News & Politics
Mayor Eric Adams vetoes four City Council bills
The legislation under the axe includes bills that would require pay equity reporting for large private companies and limit rent contributions for certain voucher recipients.

New York City Mayor Eric Adams vetoed four bills passed by the City Council. Benny Polatseck/Mayoral Photography Office
With roughly 50 days left in office, New York City Mayor Eric Adams isn’t ready to put down his veto pen. On Friday, Adams vetoed four City Council bills.
The vetoed legislation includes two bills that would expand pay equity reporting requirements to large private companies, a bill limiting how much certain housing voucher recipients have to contribute toward rent and a bill codifying the Mayor’s Office of Contract Services and giving it new authorities in a bid to get nonprofits paid on time.
A spokesperson for the Adams administration confirmed that the vetoes have been sent. A spokesperson for the City Council said that the council is expected to override all four of them. The four bills all originally passed with veto-proof majorities on Oct. 9.
“These vetoes are just the latest display of governing incompetence and a profoundly ignorant rejection of policies that would directly benefit working-class New Yorkers,” City Council spokesperson Julia Agos said in a statement. “By blocking these bills that strengthen pay equity, protect tenants from being rent burdened, and bring long-overdue accountability to the City’s contracting system, the mayor is once again abandoning the people he claims to represent.”
The pay equity bills are sponsored by Council Members Amanda Farías and Tiffany Cabán, the bill addressing housing voucher contribution limits is sponsored by Diana Ayala, and the Office of Contract Services bill is sponsored by Speaker Adrienne Adams.
The Adams administration suggested the Office of Contract Services bill would interfere with existing work being done to speed contract payments. “Unfortunately, Intro. 1248-B would stall this critical progress by creating a new office with an overly-rigid structure and without real power over city procurement, thus potentially splitting various contracting functions, sowing confusion over roles, and wasting valuable government resources,” a City Hall spokesperson said in a statement.
As for Ayala’s housing voucher legislation, the Adams administration pointed to a need to be fiscally responsible to ensure the CityFHEPS voucher program’s longevity. “The Adams administration has operated CityFHEPS in the best interests of the most vulnerable New Yorkers, and we have consistently maintained that the state and (Department of Social Services) – not the City Council – has the authority to regulate this program,” a City Hall spokesperson said in a statement.
The Adams administration called the pair of pay equity bills burdensome and argued they wouldn’t achieve their intended results because there isn’t a mechanism to force private employers to institute equitable pay. “While we support the intent of these two bills, this legislation imposes a burdensome and unnecessary data collection effort on New York City’s employers and businesses without meaningful results, which is why the mayor has vetoed these bills,” a City Hall spokesperson said in a statement.
There are just four stated meetings to go this year until Mayor-elect Zohran Mamdani takes office and a new City Council speaker is appointed.
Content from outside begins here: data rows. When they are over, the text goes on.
(* Let $n=p_1^{\alpha_1}p_2^{\alpha_2}\cdots p_r^{\alpha_r}$ be a positive integer, where the $p_i$ are primes with $2<p_1<p_2<\cdots<p_r=p$ and $\alpha_i>0$ for each $1\le i\le r$. If $p\ge 37$, then $$\psi(C_n)\ \ge\ h'(12)\,\frac{n^2}{p+1},$$ where $h'(12)=37\cdot\prod_{i=2}^{11}\frac{q_i}{q_i+1}=37\cdot\frac{3}{4}\cdot\frac{5}{6}\cdot\frac{7}{8}\cdot\frac{11}{12}\cdot\frac{13}{14}\cdot\frac{17}{18}\cdot\frac{19}{20}\cdot\frac{23}{24}\cdot\frac{29}{30}\cdot\frac{31}{32}$.
   Context: For a finite group $G$, $\psi(G)=\sum_{g\in G} o(g)$, where $o(g)$ is the order of $g$; $C_n$ is the cyclic group of order $n$. Let $2=q_1<q_2<q_3<\cdots$ be the list of all primes in increasing order. Define $f'(1)=1$, $f'(r)=\prod_{i=2}^{r}\frac{q_i}{q_i+1}$ for $r\ge 2$, and $h'(2)=3$, $h'(s)=f'(s-1)\,q_s$ for $s\ge 2$; in particular $q_{12}=37$. *)

From HB Require Import structures.
From mathcomp Require Import all_boot all_order all_algebra all_fingroup all_solvable.
Set Implicit Arguments. Unset Strict Implicit. Unset Printing Implicit Defensive.
Import Order.TTheory GRing.Theory Num.Theory.

Definition psi (gT : finGroupType) (G : {set gT}) : nat := \sum_(g in G) #[g]%g.

(* h'(12) = q_12 * f'(11) = 37 * prod_{i=2}^{11} q_i/(q_i+1), where
   q_2,...,q_11 are exactly the primes q with 3 <= q <= 31. *)
Definition h12 : rat :=
  (37%:R * \prod_(3 <= q < 32 | prime q) ((q%:R : rat) / (q.+1)%:R))%R.

From HB Require Import structures.
From mathcomp Require Import all_boot all_order all_algebra all_fingroup all_solvable.
From mathcomp Require Import zify.
Import Order.TTheory GRing.Theory Num.Theory.
Set Implicit Arguments. Unset Strict Implicit. Unset Printing Implicit Defensive.

(* As [n %/ gcdn n k] is the order of [k] in Z/nZ, psi(C_n) is [psin n], a
   multiplicative function (Chinese remainder theorem) with
   (q + 1) psin(q^a) = q^(2a+1) + 1 on prime powers.  Hence
   psin n >= n^2 prod_(q | n) q/(q+1).  If n is odd with largest prime factor
   p, its primes are odd primes <= p, so the product is at least
   prod_(3 <= q <= p) q/(q+1) = H(p)/(p+1) with H(N) = N prod_(3 <= q < N) q/(q+1);
   and H is nondecreasing, with H(37) = h'(12). *)

Definition psin (n : nat) : nat := \sum_(0 <= k < n) n %/ gcdn n k.

Lemma psi_cyclic (gT : finGroupType) (G : {group gT}) :
  cyclic G -> psi G = psin #|G|.
Proof.
case/cyclicP=> x ->; rewrite /psi -orderE.
have -> : <[x]>%g = [set (x ^+ k)%g | k : 'I_#[x]%g].
  apply/setP=> y; apply/idP/imsetP => [|[k _ ->]]; last exact: mem_cycle.
  by case/cyclePmin=> i lt_i_x ->; exists (Ordinal lt_i_x).
rewrite big_imset /=; first by rewrite /psin big_mkord; apply: eq_bigr => k _; rewrite orderXgcd.
move=> i j _ _ /eqP; rewrite eq_expg_mod_order !modn_small // => /eqP.
exact: val_inj.
Qed.

Lemma big_nat_blocks (R : Type) (idx : R) (op : Monoid.law idx) m n (F : nat -> R) :
  \big[op/idx]_(0 <= k < m * n) F k =
  \big[op/idx]_(0 <= j < m) \big[op/idx]_(0 <= r < n) F (j * n + r).
Proof.
elim: m => [|m IHm]; first by rewrite mul0n !big_geq.
rewrite big_nat_recr //= -IHm mulSn addnC (big_cat_nat _ (leq_addr n (m * n))) //=.
congr (op _ _); rewrite -{1}(add0n (m * n)) big_addn addKn.
by apply: eq_bigr => r _; rewrite addnC.
Qed.

Lemma psin_pexpS q a : prime q ->
  psin (q ^ a.+1) = psin (q ^ a) + (q - 1) * q ^ a * q ^ a.+1.
Proof.
move=> q_pr; have q_gt0 := prime_gt0 q_pr.
rewrite {1}/psin expnSr big_nat_blocks.
rewrite (eq_bigr (fun j => q ^ a %/ gcdn (q ^ a) j + (q - 1) * q ^ a.+1)).
  by rewrite big_split /= sum_nat_const_nat subn0 -expnSr mulnCA mulnA.
move=> j _; rewrite big_ltn // addn0 -muln_gcdl divnMr //; congr (_ + _).
rewrite -expnSr (@eq_big_nat _ _ _ 1 q _ (fun _ => q ^ a.+1)).
  by rewrite sum_nat_const_nat mulnC.
move=> r /andP[r_gt0 lt_r_q].
have /eqP -> : coprime (q ^ a.+1) (j * q + r).
  by rewrite coprime_pexpl // prime_coprime // dvdn_addr ?dvdn_mull // gtnNdvd.
by rewrite divn1.
Qed.

Lemma psin_pexp q a : prime q -> (q + 1) * psin (q ^ a) = q ^ a.*2.+1 + 1.
Proof.
move=> q_pr; elim: a => [|a IHa].
  by rewrite /psin expn0 big_nat1 gcdn0 divnn /= muln1 expn1.
rewrite psin_pexpS // mulnDr IHa doubleS !expnS; clear IHa.
have -> : q ^ a.*2 = q ^ a * q ^ a by rewrite -addnn expnD.
case: q q_pr => // q _; rewrite subn1 /=; nia.
Qed.

Lemma gcdnM_coprime m q k :
  coprime m q -> gcdn (m * q) k = gcdn m k * gcdn q k.
Proof.
move=> co_mq; apply/eqP; rewrite eqn_dvd; apply/andP; split.
  have g_k := dvdn_gcdr (m * q) k.
  rewrite muln_gcdl dvdn_gcd (dvdn_mulr _ g_k) andbT muln_gcdr dvdn_gcd dvdn_gcdl.
  exact: dvdn_mull.
have co_gcd : coprime (gcdn m k) (gcdn q k).
  exact: coprime_dvdl (dvdn_gcdl m k) (coprime_dvdr (dvdn_gcdl q k) co_mq).
rewrite dvdn_gcd !Gauss_dvd // !dvdn_gcdr andbT.
by rewrite dvdn_mulr ?dvdn_mull ?dvdn_gcdl.
Qed.

Lemma psin_mul m q : 0 < m -> 0 < q -> coprime m q -> psin (m * q) = psin m * psin q.
Proof.
move=> m_gt0 q_gt0 co_mq; rewrite /psin !big_mkord.
have mq_gt0 : 0 < m * q by rewrite muln_gt0 m_gt0.
have gcdn_modM d k : d %| m * q -> gcdn d (k %% (m * q)) = gcdn d k.
  by move=> d_mq; rewrite -gcdn_modr modn_dvdm // gcdn_modr.
pose crt (ij : 'I_m * 'I_q) : 'I_(m * q) :=
  Ordinal (ltn_pmod (chinese m q ij.1 ij.2) mq_gt0).
rewrite (reindex crt); last first.
  exists (fun k : 'I_(m * q) => (Ordinal (ltn_pmod k m_gt0), Ordinal (ltn_pmod k q_gt0))).
    move=> [i j] _; congr (_, _); apply: val_inj => /=.
      by rewrite modn_dvdm ?dvdn_mulr // chinese_modl // modn_small.
    by rewrite modn_dvdm ?dvdn_mull // chinese_modr // modn_small.
  by move=> k _; apply: val_inj; rewrite /= -(chinese_mod co_mq) modn_small.
rewrite big_distrlr pair_big /=; apply: eq_bigr => [[i j]] _ /=.
rewrite gcdnM_coprime // !gcdn_modM ?(dvdn_mulr q (dvdnn m)) ?(dvdn_mull m (dvdnn q)) //.
rewrite -(gcdn_modr m) -(gcdn_modr q) chinese_modl // chinese_modr // !gcdn_modr.
rewrite -{1}(divnK (dvdn_gcdl m i)) -{1}(divnK (dvdn_gcdl q j)) mulnACA.
by rewrite mulnK // muln_gt0 !gcdn_gt0 m_gt0 q_gt0.
Qed.

Local Open Scope ring_scope.

Definition frac_succ (q : nat) : rat := q%:R / q.+1%:R.

Lemma frac_succ_ge0 q : 0 <= frac_succ q.
Proof. by rewrite divr_ge0 ?ler0n. Qed.

Lemma frac_succ_le1 q : frac_succ q <= 1.
Proof. by rewrite ler_pdivrMr ?ltr0Sn // mul1r ler_nat. Qed.

Definition frac_succ_primes (n : nat) : rat := \prod_(q <- primes n) frac_succ q.

Lemma frac_succ_primesM m k : (0 < m)%N -> (0 < k)%N -> coprime m k ->
  frac_succ_primes (m * k) = frac_succ_primes m * frac_succ_primes k.
Proof.
move=> m_gt0 k_gt0 co_mk; rewrite /frac_succ_primes -big_cat; apply/perm_big/uniq_perm.
- exact: primes_uniq.
- by rewrite cat_uniq !primes_uniq andbT; move: co_mk; rewrite coprime_has_primes.
- by move=> q; rewrite primesM // mem_cat.
Qed.

Lemma frac_succ_primes_pexp q a : prime q -> (0 < a)%N ->
  frac_succ_primes (q ^ a) = frac_succ q.
Proof. by move=> q_pr a_gt0; rewrite /frac_succ_primes primesX // primes_prime // big_seq1. Qed.

Lemma psin_pexp_ge q a : prime q -> ((q ^ a) ^ 2)%:R * frac_succ q <= (psin (q ^ a))%:R.
Proof.
move=> q_pr.
have psinE : q.+1%:R * (psin (q ^ a))%:R = (q ^ a.*2.+1 + 1)%:R :> rat.
  by rewrite -natrM -psin_pexp // addn1.
rewrite /frac_succ mulrA ler_pdivrMr ?ltr0Sn // [X in _ <= X]mulrC psinE -natrM ler_nat.
by rewrite -expnM muln2 mulnC -expnS leq_addr.
Qed.

Lemma psin_ge n : (0 < n)%N -> (n ^ 2)%:R * frac_succ_primes n <= (psin n)%:R.
Proof.
elim/ltn_ind: n => n IHn n_gt0; have [n_le1 | n_gt1] := leqP n 1.
  have -> : n = 1%N by apply/eqP; rewrite eqn_leq n_le1.
  by rewrite /frac_succ_primes /psin big_nil big_nat1 mulr1.
have q_pr := pdiv_prime n_gt1; set q := pdiv n in q_pr.
have [m co_qm def_n] := pfactor_coprime q_pr n_gt0; set a := logn q n in def_n.
have a_gt0 : (0 < a)%N by rewrite logn_gt0 mem_primes q_pr n_gt0 pdiv_dvd.
have m_gt0 : (0 < m)%N by move: n_gt0; rewrite def_n muln_gt0 => /andP[].
have qa_gt1 : (1 < q ^ a)%N by rewrite -{1}(expn0 q) ltn_exp2l ?prime_gt1.
have co_mqa : coprime m (q ^ a) by rewrite coprime_pexpr // coprime_sym.
have lt_m_n : (m < n)%N by rewrite def_n ltn_Pmulr.
rewrite def_n psin_mul ?(ltnW qa_gt1) // frac_succ_primesM ?(ltnW qa_gt1) //.
rewrite frac_succ_primes_pexp // expnMn natrM [(psin _ * _)%:R]natrM mulrACA.
apply: ler_pM; [| | exact: IHn | exact: psin_pexp_ge].
- by rewrite mulr_ge0 ?ler0n //; apply: prodr_ge0 => r _; apply: frac_succ_ge0.
- by rewrite mulr_ge0 ?ler0n ?frac_succ_ge0.
Qed.

Lemma prod_le_subset (R : numDomainType) (T : eqType) (s t : seq T) (f : T -> R) :
  uniq s -> uniq t -> {subset s <= t} -> (forall x, 0 <= f x <= 1) ->
  \prod_(x <- t) f x <= \prod_(x <- s) f x.
Proof.
move=> s_uniq t_uniq s_t f01.
rewrite -(perm_big _ (permEl (perm_filterC [pred x | x \in s] t))) big_cat /=.
have -> : \prod_(x <- [seq x <- t | x \in s]) f x = \prod_(x <- s) f x.
  apply/perm_big/uniq_perm; rewrite ?filter_uniq // => x.
  by rewrite mem_filter andb_idr //; apply: s_t.
apply: ler_piMr; first by apply: prodr_ge0 => x _; case/andP: (f01 x).
exact: prodr_ile1.
Qed.

Definition hbound (N : nat) : rat := N%:R * \prod_(3 <= q < N | prime q) frac_succ q.

Lemma hbound_leS N : hbound N <= hbound N.+1.
Proof.
rewrite /hbound; have [N_lt3 | N_ge3] := ltnP N 3.
  by rewrite !big_geq ?(ltnW N_lt3) //; apply: ler_wpM2r; rewrite ?ler_nat.
rewrite [X in _ <= _ * X]big_mkcond big_nat_recr //= -big_mkcond /=.
set P := \prod_(3 <= q < N | prime q) frac_succ q.
(* at a prime [N] the new factor [N / (N + 1)] exactly compensates the growth of [N] *)
case: ifP => _; last first.
  by rewrite mulr1 ler_wpM2r ?ler_nat // prodr_ge0 // => q _; apply: frac_succ_ge0.
rewrite le_eqVlt; apply/orP; left; apply/eqP.
by rewrite /frac_succ mulrCA [_.+1%:R * _]mulrCA mulfV ?pnatr_eq0 // mulr1 mulrC.
Qed.

Lemma hbound_le : {homo hbound : a b / (a <= b)%N >-> a <= b}.
Proof. by apply: homo_leq => [x|y x z|N]; [exact: lexx | exact: le_trans | exact: hbound_leS]. Qed.

Lemma h12_hbound : h12 = hbound 37.
Proof.
rewrite /h12 /hbound (@big_cat_nat _ _ _ 32 3 37) //=.
by rewrite [X in _ = _ * (_ * X)]big_hasC ?mulr1.
Qed.

Lemma hbound_divS p : prime p -> (2 < p)%N ->
  hbound p / p.+1%:R = \prod_(3 <= q < p.+1 | prime q) frac_succ q.
Proof.
move=> p_pr p_gt2; rewrite big_mkcond big_nat_recr //= p_pr -big_mkcond.
by rewrite /hbound /frac_succ mulrCA mulrA.
Qed.

Close Scope ring_scope.

Theorem lemma2p4 (gT : finGroupType) (G : {group gT}) (n p : nat) :
  0 < n -> ~~ (2 %| n) -> p = max_pdiv n -> 37 <= p ->
  cyclic G -> #|G| = n ->
  (h12 * (n ^ 2)%:R / (p.+1)%:R <= (psi G)%:R :> rat)%R.
Proof.
move=> n_gt0 n_odd def_p p_ge37 cG oG; rewrite (psi_cyclic cG) oG.
have n_gt1 : 1 < n.
  by rewrite ltn_neqAle n_gt0 andbT; apply: contraTneq p_ge37 => n1; rewrite def_p -n1.
have p_pr : prime p by rewrite def_p max_pdiv_prime.
have primes_n_sub : {subset primes n <= [seq q <- index_iota 3 p.+1 | prime q]}.
  move=> q; rewrite mem_primes mem_filter mem_index_iota => /and3P[q_pr _ q_dvd].
  rewrite q_pr ltnS def_p max_pdiv_max ?mem_primes ?q_pr ?n_gt0 ?q_dvd // andbT.
  have : ~~ (2 %| q) by apply: contra n_odd => /dvdn_trans; apply.
  by rewrite dvdn2 negbK => /odd_prime_gt2; apply.
apply: le_trans (psin_ge n_gt0).
rewrite h12_hbound mulrAC mulrC; apply: ler_wpM2l; first exact: ler0n.
apply: (@le_trans _ _ (hbound p / p.+1%:R)%R).
  apply: ler_wpM2r; first by rewrite invr_ge0 ler0n.
  exact: hbound_le.
rewrite (hbound_divS p_pr (leq_trans (isT : 3 <= 37) p_ge37)) -big_filter.
apply: prod_le_subset => [||//|q]; first exact: primes_uniq.
  by rewrite filter_uniq ?iota_uniq.
by rewrite frac_succ_ge0 frac_succ_le1.
Qed.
Council members only have a limited time to pass legislation – and Mayor Adams only has limited time to veto anything he doesn’t want in play when the Mamdani administration sweeps into City Hall. Come January, any bills still in the legislative pipeline will have to be re-introduced.
The mayor and City Council have been locked in multiple fights over vetoed legislation – including over eight vetoes that members went on to override. Tensions have steadily intensified between the two wings of City Hall over the past four years. Just two months ago, the City Council overrode three of Adams’ vetoes pertaining to decriminalizing street vending and raising wages for grocery delivery workers.
If the vetoes proceed, the City Council will officially receive them during their next stated meeting, which is scheduled for Wednesday. At that point, members would have 30 days to override them.